Como bom jornalista que sou, tomei um texto que recebi por e-mail, publiquei na internet sem pedir permissão e ainda um tanto fora de contexto. Sigo apenas o que a imprensa faz em seu dia-a-dia. Mas aqui serei um aluno bem ruim: abrirei espaço - e pela primeira vez neste blog - para o "direito de resposta" de Ricardo Homsi, que entra neste humilde Boulevard para tomar um café e jogar papo fora. Quando encontrar algo parecido com o que vai ler agora por aí, por favor, avise a todos. Essa discussão, esse debate saudável, esse conflito de idéias e percepções fazem falta. As vozes roucas que se calaram e sucumbiram à tirania de laudas e caracteres limitados também são culpadas pela produção artística medíocre.

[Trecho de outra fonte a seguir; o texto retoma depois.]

Lemma SWexp_sum_snd x :
  E (fun _ B => \sum_(i in B) x i) = n2%:R / N%:R * \sum_i x i.
Proof.
rewrite SWexp_draw_mean (draw_mean_ext (fun A =>
  n2%:R / (n2 + n3)%:R * (\sum_i x i - \sum_(i in A) x i))); last first.
  by move=> A _ cA; rewrite draw_mean_sum_in ?n2_le_C // (cardsC_fst _ cA) sum_setC.
rewrite draw_meanZ draw_meanD draw_meanN draw_mean_cst // draw_mean_sum_in //.
by rewrite cardsT card_ord sum_setT natr_n1; field; rewrite N0 n23_0.
Qed.

Lemma SWexp_sum_fst_mul x y : \sum_i x i = 0 -> \sum_i y i = 0 ->
  E (fun A _ => (\sum_(i in A) x i) * \sum_(i in A) y i)
  = n1%:R * (N%:R - n1%:R) / (N%:R * (N%:R - 1)) * \sum_i x i * y i.
Proof.
move=> x0 y0; rewrite SWexp_fst draw_mean_sum_in_mul //.
by rewrite cardsT card_ord !sum_setT x0 y0; field; rewrite N0 N1.
Qed.

Lemma SWexp_sum_fst_snd_mul x y : \sum_i x i = 0 -> \sum_i y i = 0 ->
  E (fun A B => (\sum_(i in A) x i) * \sum_(i in B) y i)
  = - (n1%:R * n2%:R / (N%:R * (N%:R - 1))) * \sum_i x i * y i.
Proof.
move=> x0 y0; rewrite SWexp_draw_mean (draw_mean_ext (fun A =>
  - (n2%:R / (n2%:R + n3%:R)) * ((\sum_(i in A) x i) * \sum_(i in A) y i))).
  rewrite draw_meanZ -SWexp_fst SWexp_sum_fst_mul // natr_n1.
  by field; rewrite N0 N1 n23_0.
move=> A _ cA; rewrite draw_meanZ draw_mean_sum_in ?n2_le_C //.
by rewrite (cardsC_fst _ cA) sum_setC y0 natrD; ring.
Qed.

Lemma SWexp_sum_snd_mul x y : \sum_i x i = 0 -> \sum_i y i = 0 ->
  E (fun _ B => (\sum_(i in B) x i) * \sum_(i in B) y i)
  = n2%:R * (N%:R - n2%:R) / (N%:R * (N%:R - 1)) * \sum_i x i * y i.
Proof.
move=> x0 y0.
set p : R := n2%:R / (n2%:R + n3%:R).
set q : R := n2%:R * (n2%:R - 1) / ((n2%:R + n3%:R) * (n2%:R + n3%:R - 1)).
rewrite SWexp_draw_mean (draw_mean_ext (fun A =>
  q * ((\sum_(i in A) x i) * \sum_(i in A) y i)
  + (p - q) * (\sum_i x i * y i - \sum_(i in A) x i * y i))).
  rewrite draw_meanD !draw_meanZ -SWexp_fst SWexp_sum_fst_mul //.
  rewrite draw_meanD draw_meanN draw_mean_cst // draw_mean_sum_in //.
  rewrite cardsT card_ord sum_setT /p /q natr_n1.
  by field; rewrite N0 N1 n23_0 n23_1.
move=> A _ cA; rewrite draw_mean_sum_in_mul ?n2_le_C // (cardsC_fst _ cA).
by rewrite !sum_setC x0 y0 natrD /p /q; ring.
Qed.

"O curso de Cinema e Vídeo da USP é uma das últimas estufas a cultivar o chamado cinema autoral junto aos jovens. Lá se constata como é impressionante a força que um Gláuber Rocha pode ter sobre meninos e meninas que nem eram nascidos no ano em que ele morreu.

Convivi nesse meio sem participar espiritualmente dele, porque minha formação cinematográfica passa por uma geração americana de cineastas posterior aos falecidos desta semana: Woody Allen, Martin Scorsese e Francis Ford Coppola. Se hoje estão se repetindo ou se aquietando, em seu auge chegaram a ser sublimes. Confesso que só fui assistir a um longa de Antonioni durante a faculdade; de Bergman, só aluguei Fanny e Alexander em VHS porque a prova específica de admissão ao curso exigia conhecimento sobre o filme.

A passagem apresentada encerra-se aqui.